CHARLES WRIGHT, JR., APPELLANT, v. STATE OF FLORIDA, APPELLEE.

No. 95-0003.District Court of Appeal of Florida, Fifth District.
February 24, 1995.

Appeal from the Circuit Court, Lake County, G. Richard Singeltary, J.

Page 703

Charles Lee Wright, Jr., pro se.

No Appearance for appellee.

W. SHARP, Judge.

Wright appeals from a summary denial of his motion filed pursuant to Florida Rule of Criminal Procedure 3.850. He argues that he was subjected to an unlawful search and seizure, and that defense counsel failed to file a motion to suppress the allegedly tainted evidence. We affirm.

Taking judicial notice of our records in Wright’s prior direct appeal,[1] we note that defense trial counsel did, in fact, file a motion to suppress, arguing the police did not have a reasonable suspicion to stop Wright. The ineffective assistance claim is refuted by our own records.

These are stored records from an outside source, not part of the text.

(* For all integers $m\ge 4$ and $n\ge 10$, the complete bipartite graph $K_{m,n}$ belongs to $\mathcal{S}_3$.
   Context: $G\in\mathcal{S}_3$ means: for every $\beta:V(G)\to\mathbb{Z}_3$ with $\sum_v\beta(v)\equiv0\pmod3$ there is a strongly-connected orientation $D$ of $G$ with $d^+_D(v)-d^-_D(v)\equiv\beta(v)\pmod3$ for all $v$. *)

From HB Require Import structures.
From mathcomp Require Import all_boot all_order all_algebra.
Set Implicit Arguments. Unset Strict Implicit. Unset Printing Implicit Defensive.
Import GRing.Theory.

Definition simple_graph (V : finType) (adj : rel V) : Prop :=
  irreflexive adj /\ symmetric adj.

Definition is_orientation (V : finType) (adj D : rel V) : Prop :=
  (forall x y, D x y -> adj x y) /\
  (forall x y, adj x y -> (D x y && ~~ D y x) || (D y x && ~~ D x y)).

Definition outdeg (V : finType) (D : rel V) (v : V) : nat := #|[set u | D v u]|.
Definition indeg (V : finType) (D : rel V) (v : V) : nat := #|[set u | D u v]|.

Definition strongly_connected (V : finType) (D : rel V) : Prop :=
  forall x y, connect D x y.

Definition in_S3 (V : finType) (adj : rel V) : Prop :=
  forall beta : V -> 'Z_3, (\sum_(v : V) beta v = 0)%R ->
  exists D : rel V, is_orientation adj D /\ strongly_connected D /\
    forall v, ((outdeg D v)%:R - (indeg D v)%:R = beta v)%R.

Definition Kmn_adj (m n : nat) : rel ('I_m + 'I_n)%type :=
  fun x y => match x, y with
             | inl _, inr _ => true
             | inr _, inl _ => true
             | _, _ => false
             end.
Arguments Kmn_adj : clear implicits.

From mathcomp Require Import all_boot all_order all_algebra.
From mathcomp Require Import ring zify.
Set Implicit Arguments. Unset Strict Implicit. Unset Printing Implicit Defensive.
Import GRing.Theory.

(* An orientation of K_{m,n} is a 0/1 matrix f: the edge between row vertex i
   and column vertex j points from i to j iff f i j.  Working in Z_3, where
   2 = -1, the net degree of row i is -(row sum) - n and that of column j is
   m + (column sum), so prescribing beta amounts to prescribing every row and
   column sum of f modulo 3; the prescriptions are compatible exactly when
   beta sums to 0.  Strong connectivity follows from a combinatorial "hub"
   condition: rows 0..3 are linked in a cycle through columns, every column
   has both a 1 and a 0 in the hub rows, and every other row has both values. *)

Lemma connect_cycle (T : finType) (e : rel T) (k : nat) (v : nat -> T) :
  (forall t, t.+1 < k -> connect e (v t) (v t.+1)) ->
  connect e (v k.-1) (v 0) ->
  forall t, t < k -> connect e (v 0) (v t) /\ connect e (v t) (v 0).
Proof.
move=> step back t ht; split.
  elim: t ht => [|t IH] ht; first exact: connect0.
  exact: connect_trans (IH (ltnW ht)) (step t ht).
have back_from d : forall s, s + d = k.-1 -> connect e (v s) (v 0).
  elim: d => [|d IH] s hs; first by move: hs; rewrite addn0 => ->.
  have hs1 : s.+1 < k by lia.
  by apply: connect_trans (step s hs1) (IH s.+1 _); lia.
by apply: (back_from (k.-1 - t)); lia.
Qed.

Definition bip_orient (m n : nat) (f : nat -> nat -> bool) : rel ('I_m + 'I_n) :=
  fun x y => match x, y with
             | inl i, inr j => f i j
             | inr j, inl i => ~~ f i j
             | _, _ => false
             end.
Arguments bip_orient : clear implicits.

Lemma bip_orient_is_orientation (m n : nat) (f : nat -> nat -> bool) :
  is_orientation (Kmn_adj m n) (bip_orient m n f).
Proof.
split; first by case=> [i|j] [i'|j'].
by case=> [i|j] [i'|j'] //= _; case: (f _ _).
Qed.

Definition splits (k : nat) (b : nat -> bool) : Prop :=
  (exists2 p, p < k & b p) /\ (exists2 q, q < k & ~~ b q).

Definition hub_grid (k m n : nat) (f : nat -> nat -> bool) : Prop :=
  [/\ forall t, t < k -> exists2 j, j < n & f t j && ~~ f (t.+1 %% k) j,
      forall j, j < n -> splits k (f^~ j)
    & forall i, k <= i < m -> splits n (f i)].
Lemma hdist_le_of_bounds (Rad r1 r2 t1 t2 : R) : 0 <= r1 -> 0 <= r2 ->
  exp ((r1 + r2) / 2) * Rabs (t1 - t2) <= exp (Rad / 2) ->
  4 * exp (Rabs (r1 - r2)) <= exp Rad ->
  hdist (r1, t1) (r2, t2) <= Rad.
Proof.
  intros Hr1 Hr2 Hang Hrad.
  set (a := exp r1). set (b := exp r2). set (C := cos (t1 - t2)). set (E := exp Rad).
  assert (Ha : 1 <= a) by (pose proof (exp_ineq1_le r1); unfold a; lra).
  assert (Hb : 1 <= b) by (pose proof (exp_ineq1_le r2); unfold b; lra).
  pose proof (COS_bound (t1 - t2)) as HC. fold C in HC.
  assert (HC1 : 1 - C <= (t1 - t2) * (t1 - t2) / 2) by apply one_minus_cos_le.
  assert (Hgap : a * b * ((t1 - t2) * (t1 - t2)) <= E).
  { assert (Eab : exp ((r1 + r2) / 2) * exp ((r1 + r2) / 2) = a * b)
      by (unfold a, b; rewrite <- !exp_plus; f_equal; field).
    assert (EE : exp (Rad / 2) * exp (Rad / 2) = E)
      by (unfold E; rewrite <- exp_plus; f_equal; field).
    assert (Eabs : Rabs (t1 - t2) * Rabs (t1 - t2) = (t1 - t2) * (t1 - t2))
      by (rewrite <- Rabs_mult; apply Rabs_right; nra).
    pose proof (exp_pos ((r1 + r2) / 2)). pose proof (Rabs_pos (t1 - t2)).
    rewrite <- Eab, <- EE, <- Eabs.
    assert (0 <= exp ((r1 + r2) / 2) * Rabs (t1 - t2)) by nra.
    replace (exp ((r1 + r2) / 2) * exp ((r1 + r2) / 2) * (Rabs (t1 - t2) * Rabs (t1 - t2)))
      with ((exp ((r1 + r2) / 2) * Rabs (t1 - t2)) * (exp ((r1 + r2) / 2) * Rabs (t1 - t2)))
      by ring.
    apply Rmult_le_compat; assumption. }
  assert (Hab_ratio : a / b <= exp (Rabs (r1 - r2))).
  { replace (a / b) with (exp (r1 - r2))
      by (unfold a, b, Rminus, Rdiv; rewrite exp_plus, exp_Ropp; reflexivity).
    apply exp_le_mono, Rle_abs. }
  assert (Hba_ratio : b / a <= exp (Rabs (r1 - r2))).
  { replace (b / a) with (exp (r2 - r1))
      by (unfold a, b, Rminus, Rdiv; rewrite exp_plus, exp_Ropp; reflexivity).
    apply exp_le_mono. rewrite Rabs_minus_sym. apply Rle_abs. }
  assert (Hinv : / (a * b) <= a * b).
  { assert (/ (a * b) <= 1) by (rewrite <- Rinv_1; apply Rinv_le_contravar; nra). nra. }
  set (X := a * b + / (a * b)). set (Y := a / b + b / a).
  assert (Hsum2 : 2 <= Y).
  { assert (E2 : a / b + b / a - 2 = (a - b) * (a - b) / (a * b)) by (field; lra).
    assert (0 <= (a - b) * (a - b) / (a * b))
      by (apply Rmult_le_pos; [apply Rle_0_sqr|left; apply Rinv_0_lt_compat; nra]).
    unfold Y; lra. }
  assert (Hmix : Y <= X).
  { assert (E3 : a * b + / (a * b) - (a / b + b / a) = (a * a - 1) * (b * b - 1) / (a * b))
      by (field; lra).
    assert (0 <= (a * a - 1) * (b * b - 1) / (a * b))
      by (apply Rmult_le_pos; [apply Rmult_le_pos; nra|left; apply Rinv_0_lt_compat; nra]).
    unfold X, Y; lra. }
  assert (HX : X * (1 - C) <= E).
  { apply Rle_trans with (2 * (a * b) * (1 - C)); [unfold X; apply Rmult_le_compat_r; lra|].
    apply Rle_trans with (a * b * ((t1 - t2) * (t1 - t2))); [|exact Hgap].
    replace (2 * (a * b) * (1 - C)) with (a * b * (2 * (1 - C))) by ring.
    apply Rmult_le_compat_l; nra. }
  assert (HY : Y * (1 + C) <= E).
  { apply Rle_trans with (Y * 2); [apply Rmult_le_compat_l; lra|unfold Y, E; lra]. }
  assert (Hlow : Y * (1 - C) <= X * (1 - C)) by (apply Rmult_le_compat_r; lra).
  unfold hdist; simpl. apply arcosh_le; fold C; rewrite cosh_law_exp; fold a b E X Y; lra.
Qed.

Lemma floor_half_log (Rad : R) :
  IZR (floorR (Rad / (2 * ln 2))) * ln 2 > Rad / 2 - ln 2.
Proof.
  pose proof ln2_pos. unfold floorR.
  pose proof (base_Int_part (Rad / (2 * ln 2))) as [_ Hb].
  assert (Hy : Rad / (2 * ln 2) * ln 2 = Rad / 2) by (field; lra).
  assert (Hm : (Rad / (2 * ln 2) - 1) * ln 2 < IZR (Int_part (Rad / (2 * ln 2))) * ln 2)
    by (apply Rmult_lt_compat_r; lra).
  lra.
Qed.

We also note Wright took a direct appeal after he pled guilty, reserving his right to appeal the trial court’s denial of his motion to suppress. Since the suppression issue was raised and decided on direct appeal, clearly it cannot be rehashed in the context of a rule 3.850 motion. See Remeta v. Dugger, 622 So.2d 452, 454 (Fla. 1993) (grounds which were or should have been raised on appeal may not be raised in a collateral proceeding).

AFFIRMED.

HARRIS, CJ., and DIAMANTIS, J., concur.

[1] Wright v. State, 642 So.2d 1380 (Fla. 5th DCA 1994).